The report identified that excess property could be disposed of at Lakeland Village, Rainier
School and Yakima Valley School without impacting existing buildings.
Summary of Amended Bill:
The Dan Thompson Memorial Developmental Disabilities Community Trust Account is
created in the state treasury. All proceeds from the use of excess property identified in the
2002 JLARC capital study of the RHCs must be deposited into the account. Income may
come from the lease of land, conservation easements, sale of timber, or other activities short
of sale of property. The bill states that the disposal of excess property cannot impact current
residential habilitation center operations.
The account is authorized to retain its earnings from investments. Only investment income
from the principle of the account may be spent. Expenditures are subject to legislative
appropriation and must be used exclusively to provide family support and/or employment/day
services to eligible persons with developmental disabilities. The account should not be used
to replace, supplant or reduce existing appropriations.
Statutory references to Washington State University agricultural operations on property at the
Rainier School are repealed. This property is considered "excess" property.
By June 30, 2006, the Department of Social and Health Services (DSHS) must report on its
efforts and strategies to provide income to the account from activities on or lease of excess
property identified in the JLARC study.
Amended Bill Compared to Substitute Bill:
The bill as amended does not allow for the sale of excess property. In addition to property at
Rainier School and Lakeland Village, excess property includes property identified in the 2002
JLARC capital study at the Yakima Valley School. A reporting requirement is added that
directs the DSHS to report to the Legislature on efforts and strategies to provide income to
the account by June 30, 2006. In addition, the bill as amended changes the definition of
eligible service recipients.
Appropriation: None.
Fiscal Note: Available.
Effective Date of Amended Bill: The bill contains an emergency clause and takes effect immediately, except section 3, relating to accounts which may retain account earnings, which takes effect July 1, 2005, and section 4, relating to accounts which may retain account earnings, which takes effect July 1, 2006.

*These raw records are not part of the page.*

(* Let $m=2^{l_m}$ with $l_m\ge 1$, let $(v_0,\dots,v_{m-1})$ be a Cantor basis of $\mathbb{F}_{2^m}$, and let $l$ be an integer with $0\le l<m/2$. Put $n=m\cdot 2^l$ and $$\Sigma := v_{l+m/2}+V_l=\{v_{l+m/2}+u : u\in V_l\},\qquad \Omega:=\Sigma\cup\phi_2(\Sigma)\cup\phi_2^{\circ 2}(\Sigma)\cup\cdots\cup\phi_2^{\circ(m-1)}(\Sigma).$$ Then $\mathrm{Ord}_{\phi_2}(\Sigma)=m$, the sets $\Sigma,\phi_2(\Sigma),\dots,\phi_2^{\circ(m-1)}(\Sigma)$ are pairwise disjoint (so $\Sigma$ is a Frobenius partition of $\Omega$), and $|\Omega|=n$.
   Context: A Cantor basis of $\mathbb{F}_{2^m}$ (for $m$ a power of $2$) is an $\mathbb{F}_2$-basis $(v_0,\dots,v_{m-1})$ of $\mathbb{F}_{2^m}$ with $v_0=1$ and $v_i^2+v_i=v_{i-1}$ for $0<i<m$. For $0\le i\le m$ let $V_0=\{0\}$ and $V_i=\mathrm{span}_{\mathbb{F}_2}\{v_0,\dots,v_{i-1}\}$. $\phi_2:\mathbb{F}_{2^m}\to\mathbb{F}_{2^m}$, $a\mapsto a^2$, is the Frobenius map; $\phi_2^{\circ j}$ denotes its $j$-fold iterate, and for a set $S$, $\phi_2(S)=\{\phi_2(s):s\in S\}$. For a set $S\subseteq\mathbb{F}_{2^m}$, $\mathrm{Ord}_{\phi_2}(S)$ is the least positive integer $j$ with $\phi_2^{\circ j}(S)=S$. Given $\mathrm{Ord}_{\phi_2}(\Sigma)=j$, $\Sigma$ is called a Frobenius partition of $\Omega$ if $\Omega=\Sigma\cup\phi_2(\Sigma)\cup\dots\cup\phi_2^{\circ(j-1)}(\Sigma)$ with these $j$ sets pairwise disjoint. *)

From HB Require Import structures.
From mathcomp Require Import all_boot all_order all_algebra all_fingroup all_field.
Set Implicit Arguments. Unset Strict Implicit. Unset Printing Implicit Defensive.
Import GRing.Theory.
Local Open Scope ring_scope.

(* F_2-span of v_0, ..., v_{i-1}: all 0/1 combinations; V_0 = {0}. *)
Definition Vspan (F : finFieldType) (v : nat -> F) (i : nat) : {set F} :=
  [set \sum_(j in S) v (nat_of_ord j) | S : {set 'I_i}].

Definition F2_basis (F : finFieldType) (m : nat) (v : nat -> F) : Prop :=
  (forall S : {set 'I_m}, \sum_(j in S) v (nat_of_ord j) = 0 -> S = set0)
  /\ (forall x : F, exists S : {set 'I_m}, x = \sum_(j in S) v (nat_of_ord j)).

Definition cantor_basis (F : finFieldType) (m : nat) (v : nat -> F) : Prop :=
  F2_basis m v /\ v 0%N = 1 /\
  (forall i : nat, (0 < i < m)%N -> v i ^+ 2 + v i = v i.-1).

Definition phi2 (F : finFieldType) (a : F) : F := a ^+ 2.
Definition phi2_set (F : finFieldType) (j : nat) (S : {set F}) : {set F} :=
  [set iter j (@phi2 F) s | s in S].

Definition Ord_phi2_is (F : finFieldType) (S : {set F}) (j : nat) : Prop :=
  (0 < j)%N /\ phi2_set j S = S /\
  (forall k : nat, (0 < k < j)%N -> phi2_set k S <> S).

From HB Require Import structures.
From mathcomp Require Import all_boot all_order all_algebra all_fingroup all_field zify.
Import GRing.Theory.
Local Open Scope ring_scope.

(* Write L x := x^2 + x, so that phi2 = id + L with id and L commuting
   additive maps.  For a Cantor basis L (v_i) = v_(i-1), so V_l is contained
   in the kernel of L^l while L^l (v_l) = v_0 = 1.  In characteristic 2,
   phi2^(2^t) = id + L^(2^t); with a := v_(l+m/2) this gives
   phi2^(m/2)(a) + a = v_l, which is not killed by L^l.  The set of d such
   that phi2^d(a) + a is killed by L^l is closed under addition and reduction
   modulo m, so it contains no d with 0 < d < m: it would then contain
   gcd(d, m), a power of 2 dividing m/2.  Hence no phi2^d with 0 < d < m maps
   a point of Sigma = a + V_l back into Sigma, which gives the order, the
   disjointness, and |Omega| = m |V_l| = m 2^l. *)

Lemma addn_closed_mod_pow2 {P : nat -> Prop} {k d} :
  P 0%N -> (forall a b, P a -> P b -> P (a + b)%N) ->
  (forall a, P a -> P (a %% 2 ^ k.+1)%N) ->
  (0 < d < 2 ^ k.+1)%N -> P d -> P (2 ^ k)%N.
Proof.
move=> P0 PD Pmod /andP[d_gt0 d_lt] Pd.
have PM a q : P a -> P (a * q)%N.
  by move=> Pa; elim: q => [|q IHq]; rewrite ?muln0 // mulnS; apply: PD.
set g := gcdn d (2 ^ k.+1).
have g_le_d : (g <= d)%N by rewrite dvdn_leq // dvdn_gcdl.
have Pg : P g.
  have [c _ /dvdnP[e def_e]] := Bezoutl (2 ^ k.+1) d_gt0.
  have := Pmod _ (PM d e Pd).
  rewrite mulnC -def_e addnC modnMDl modn_small //.
  exact: leq_ltn_trans g_le_d d_lt.
have [s _ def_g] := dvdn_pfactor g k.+1 (isT : prime 2) (dvdn_gcdr _ _).
have s_le_k : (s <= k)%N.
  by rewrite -ltnS -(ltn_exp2l _ _ (isT : 1 < 2)%N) -def_g (leq_ltn_trans g_le_d).
by rewrite -(subnKC s_le_k) expnD -def_g; apply: PM.
Qed.

Lemma card_bigcup_disjoint {T : finType} {A : nat -> {set T}} {m} s :
  (forall i j, (i < j < m)%N -> [disjoint A i & A j]) ->
  (forall i, (i < m)%N -> #|A i| = s) ->
  #|\bigcup_(i < m) A i| = (m * s)%N.
Proof.
move=> disjA cardA.
have disjA' (i j : 'I_m) : i != j -> [disjoint A i & A j].
  rewrite neq_ltn => /orP[ij | ji]; first by apply: disjA; rewrite ij /=.
  by rewrite disjoint_sym; apply: disjA; rewrite ji /=.
rewrite -sum1_card (partition_disjoint_bigcup _ _ disjA').
rewrite (eq_bigr (fun=> s)) => [|i _]; last by rewrite sum1_card cardA.
by rewrite sum_nat_const card_ord.
Qed.

Lemma card_Vspan {F : finFieldType} {m l : nat} {v : nat -> F} :
  #|F| = (2 ^ m)%N ->
  (forall x : F, exists S : {set 'I_m}, x = \sum_(j in S) v j) ->
  (l <= m)%N -> #|Vspan v l| = (2 ^ l)%N.
Proof.
move=> cardF span l_le_m.
have card_subsets n : #|[set: {set 'I_n}]| = (2 ^ n)%N.
  by rewrite -powersetT card_powerset cardsT card_ord.
(* The 2^m subset sums of v_0, ..., v_(m-1) cover F, which has 2^m elements. *)
have sum_inj_m :
    {in [set: {set 'I_m}] &, injective (fun S : {set 'I_m} => \sum_(j in S) v j)}.
  apply/imset_injP; rewrite card_subsets -cardF -cardsT; apply/eqP/eq_card => x.
  by rewrite [RHS]inE; have [S ->] := span x; apply: imset_f.
pose w (j : 'I_l) := widen_ord l_le_m j.
have w_inj : injective w by move=> i j /(congr1 val) /= /val_inj.
have sum_inj_l : injective (fun S : {set 'I_l} => \sum_(j in S) v j).
  move=> S1 S2 eqS; apply: (imset_inj w_inj); apply: sum_inj_m; rewrite ?inE //.
  by rewrite /= !(big_imset _ (in2W w_inj)).
by rewrite /Vspan (card_imset _ sum_inj_l) -card_subsets cardsT.
Qed.

Lemma iter_modn {T : Type} {f : T -> T} {m} :
  (forall x, iter m f x = x) -> forall d, iter d f =1 iter (d %% m) f.
Proof.
move=> per d x; rewrite {1}(divn_eq d m) iterD iterM.
by elim: (d %/ m)%N => //= q ->; apply: per.
Qed.

Section PeriodicImages.
Context {T : finType} {f : T -> T} {m : nat} {A : {set T}}.
Hypothesis f_period : forall x, iter m f x = x.
Hypothesis iter_notin : forall d x, (0 < d < m)%N -> x \in A -> iter d f x \notin A.

Lemma iter_imset_period : [set iter m f x | x in A] = A.
Proof. by rewrite (eq_imset _ f_period) imset_id. Qed.

Lemma iter_imset_neq d : A != set0 -> (0 < d < m)%N -> [set iter d f x | x in A] != A.
Proof.
case/set0Pn=> x xA d_range; apply/eqP=> fdA.
by have /negP[] := iter_notin _ _ d_range xA; rewrite -fdA imset_f.
Qed.

Lemma disjoint_iter_imset i j : (i < j < m)%N ->
  [disjoint [set iter i f x | x in A] & [set iter j f x | x in A]].
Proof.
move=> /andP[ij jm]; rewrite disjoint_subset; apply/subsetP => _ /imsetP[x1 x1A ->].
rewrite inE; apply/imsetP => -[x2 x2A eq12].
have shift_range : (0 < m - j + i < m)%N by lia.
have /negP[] := iter_notin _ _ shift_range x1A.
by rewrite iterD eq12 -iterD subnK ?(ltnW jm) // f_period.
Qed.

End PeriodicImages.

Section Char2.
Context {F : finFieldType}.
Hypothesis pcharF : 2%N \in [pchar F].

Local Notation phi := (@phi2 F).

Lemma iter_phi2D j : {morph iter j phi : x y / x + y}.
Proof.
by move=> x y; elim: j => //= j ->; rewrite /phi2 -!(pFrobenius_autE pcharF) rmorphD.
Qed.

Lemma iter_phi2E j (x : F) : iter j phi x = x ^+ (2 ^ j).
Proof. by elim: j => //= j ->; rewrite /phi2 -exprM expnSr. Qed.

Lemma iter_phi2_inj j : injective (iter j phi).
Proof.
elim: j => //= j IHj x y /(fmorph_inj (pFrobenius_aut pcharF)); exact: IHj.
Qed.

Definition artin_schreier (x : F) := x ^+ 2 + x.
Local Notation L := artin_schreier.

Lemma iter_artin_schreierD k : {morph iter k L : x y / x + y}.
Proof.
move=> x y; elim: k => //= k ->; rewrite /L -!(pFrobenius_autE pcharF) rmorphD.
by rewrite addrACA.
Qed.

Lemma iter_artin_schreier0 k : iter k L 0 = 0.
Proof. by elim: k => //= k ->; rewrite /L expr0n addr0. Qed.

Lemma iter_artin_schreier_phi2 k j (x : F) :
  iter k L (iter j phi x) = iter j phi (iter k L x).
Proof.
elim: k => //= k ->; rewrite /L iter_phi2D !iter_phi2E.
by rewrite -!exprM mulnC.
Qed.

(* (id + L^N) o (id + L^N) = id + L^(2N), the two cross terms L^N cancelling. *)
Lemma iter_phi2_pow2 t (x : F) : iter (2 ^ t) phi x = x + iter (2 ^ t) L x.
Proof.
elim: t x => [|t IHt] x.
  by rewrite /= /L /phi2 addrCA (addrr_pchar2 pcharF) addr0.
rewrite expnS mul2n -addnn !iterD !IHt iter_artin_schreierD.
by rewrite -addrA addKr_pchar2.
Qed.

Definition kerAS l (x : F) : Prop := iter l L x = 0.

Lemma kerASD l x y : kerAS l x -> kerAS l y -> kerAS l (x + y).
Proof. by rewrite /kerAS iter_artin_schreierD => -> ->; rewrite addr0. Qed.

Lemma kerAS_iter_phi2 l j x : kerAS l x -> kerAS l (iter j phi x).
Proof.
by rewrite /kerAS iter_artin_schreier_phi2 iter_phi2E => ->; rewrite expr0n expn_eq0.
Qed.

Section CantorBasis.
Context {m : nat} {v : nat -> F}.
Hypothesis v0 : v 0%N = 1.
Hypothesis vS : forall i, (0 < i < m)%N -> v i ^+ 2 + v i = v i.-1.

Lemma iter_artin_schreier_cantor j i :
  (j <= i < m)%N -> iter j L (v i) = v (i - j).
Proof.
elim: j => [|j IHj] /andP[ji im]; first by rewrite subn0.
rewrite iterS IHj ?(ltnW ji) // /L vS ?subnS //.
by rewrite subn_gt0 ji (leq_ltn_trans (leq_subr _ _)).
Qed.

Lemma iter_artin_schreier_cantor_eq0 j i :
  (i < j)%N -> (i < m)%N -> iter j L (v i) = 0.
Proof.
move=> ij im.
rewrite -(subnK (ltnW ij)) iterD iter_artin_schreier_cantor ?leqnn ?im //.
have [n ->] : exists n, (j - i = n.+1)%N by exists (j - i).-1; rewrite prednK ?subn_gt0.
by rewrite subnn v0 iterSr /L expr1n (addrr_pchar2 pcharF) iter_artin_schreier0.
Qed.

Lemma Vspan_kerAS l u : (l <= m)%N -> u \in Vspan v l -> kerAS l u.
Proof.
move=> l_le_m /imsetP[S _ ->]; rewrite /kerAS.
rewrite (big_morph (iter l L) (iter_artin_schreierD l) (iter_artin_schreier0 l)).
apply: big1 => i _; apply: iter_artin_schreier_cantor_eq0 => //.
exact: leq_trans l_le_m.
Qed.

Section HalfShift.
Context {k l : nat}.
Hypothesis m_eq : m = (2 ^ k.+1)%N.
Hypothesis phi2_period : forall x, iter m phi x = x.
Hypothesis l_lt : (l < 2 ^ k)%N.

Let a := v (l + 2 ^ k).
Let l_lt_m : (l < m)%N. Proof. by rewrite m_eq (ltn_trans l_lt) // ltn_exp2l. Qed.

Lemma iter_phi2_half_shift : iter (2 ^ k) phi a + a = v l.
Proof.
rewrite iter_phi2_pow2 addrAC (addrr_pchar2 pcharF) add0r.
rewrite iter_artin_schreier_cantor ?addnK // leq_addl.
by rewrite m_eq expnS mul2n -addnn ltn_add2r.
Qed.

Lemma not_kerAS_iter_phi2_shift d :
  (0 < d < m)%N -> ~ kerAS l (iter d phi a + a).
Proof.
pose P d := kerAS l (iter d phi a + a).
have P0 : P 0%N by rewrite /P /kerAS /= (addrr_pchar2 pcharF) iter_artin_schreier0.
have PD d1 d2 : P d1 -> P d2 -> P (d1 + d2)%N.
  move=> P1 P2; rewrite /P iterD.
  have -> : iter d1 phi (iter d2 phi a) + a
          = iter d1 phi (iter d2 phi a + a) + (iter d1 phi a + a).
    by rewrite iter_phi2D -addrA addKr_pchar2.
  by apply: kerASD => //; apply: kerAS_iter_phi2.
have Pmod d' : P d' -> P (d' %% 2 ^ k.+1)%N.
  by rewrite /P -m_eq -(iter_modn phi2_period).
rewrite m_eq => d_range Pd.
have := addn_closed_mod_pow2 P0 PD Pmod d_range Pd.
rewrite /P iter_phi2_half_shift /kerAS.
rewrite iter_artin_schreier_cantor ?leqnn // subnn v0.
by move/eqP; rewrite oner_eq0.
Qed.

Lemma iter_phi2_coset_notin d x : (0 < d < m)%N ->
  x \in [set a + u | u in Vspan v l] ->
  iter d phi x \notin [set a + u | u in Vspan v l].
Proof.
move=> d_range /imsetP[u1 u1V ->]; apply/negP => /imsetP[u2 u2V].
rewrite iter_phi2D => eq12; apply: (not_kerAS_iter_phi2_shift _ d_range).
have shift_eq : iter d phi a - a = u2 - iter d phi u1.
  by rewrite -(addrK (iter d phi u1) (iter d phi a)) eq12 addrAC [a + u2]addrC addrK.
rewrite !(oppr_pchar2 pcharF) in shift_eq; rewrite shift_eq.
have u_ker u : u \in Vspan v l -> kerAS l u by apply: Vspan_kerAS; apply: ltnW.
by apply: kerASD; [apply: u_ker | apply/kerAS_iter_phi2/u_ker].
Qed.

End HalfShift.
End CantorBasis.
End Char2.

Theorem proposition1 (lm : nat) (F : finFieldType) (v : nat -> F) (l : nat) :
  (1 <= lm)%N ->
  #|F| = (2 ^ (2 ^ lm))%N ->
  cantor_basis (2 ^ lm) v ->
  (l < (2 ^ lm) %/ 2)%N ->
  let m := (2 ^ lm)%N in
  let n := (m * 2 ^ l)%N in
  let Sigma : {set F} := [set v (l + m %/ 2)%N + u | u in Vspan v l] in
  let Omega : {set F} := \bigcup_(j < m) phi2_set j Sigma in
  [/\ Ord_phi2_is Sigma m,
      (forall i j : nat, (i < j < m)%N -> [disjoint phi2_set i Sigma & phi2_set j Sigma])
    & #|Omega| = n].
Proof.
case: lm => // k _ cardF [[_ span] [v0 vS]].
have half : (2 ^ k.+1 %/ 2 = 2 ^ k)%N by rewrite expnS mulKn.
rewrite half => l_lt m n Sigma Omega.
have pcharF : 2%N \in [pchar F] := card_finPcharP cardF (isT : prime 2).
have period x : iter m (@phi2 F) x = x by rewrite iter_phi2E -cardF expf_card.
have l_le_m : (l <= m)%N by rewrite ltnW // (ltn_trans l_lt) // ltn_exp2l.
have Sigma_eq : Sigma = [set v (l + 2 ^ k)%N + u | u in Vspan v l].
  by rewrite /Sigma /m half.
have Sigma_notin d x :
    (0 < d < m)%N -> x \in Sigma -> iter d (@phi2 F) x \notin Sigma.
  by rewrite Sigma_eq; move: (iter_phi2_coset_notin pcharF v0 vS (erefl m) period l_lt d x).
have card_Sigma : #|Sigma| = (2 ^ l)%N.
  by rewrite Sigma_eq (card_imset _ (addrI _)) (card_Vspan cardF span l_le_m).
have Sigma_neq0 : Sigma != set0 by rewrite -card_gt0 card_Sigma expn_gt0.
split=> [|i j|]; first split.
- by rewrite expn_gt0.
- split=> [|j j_range]; first exact: iter_imset_period.
  exact/eqP/(iter_imset_neq Sigma_notin j Sigma_neq0 j_range).
- exact: disjoint_iter_imset period Sigma_notin i j.
rewrite /Omega (card_bigcup_disjoint (2 ^ l) (disjoint_iter_imset period Sigma_notin)) //.
by move=> i _; rewrite (card_imset _ (iter_phi2_inj pcharF i)).
Qed.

Testimony For: Substitute Senate Bill 5702 maximizes the use of an unused resource to fund needed services for Washington State's developmentally disabled community by allowing for the sale of property in addition to leasing and selling timber on the Rainier School property. Currently 8,000 families with developmentally disabled members are waiting for support services. This bill limits services available to family support and day and employment services.
Testimony Against: None.
Persons Testifying: Sue Elliot, Advocates for the Rights of Citizens with Developmental Disabilities of Washington; and Ed Holen, Developmental Disabilities Council.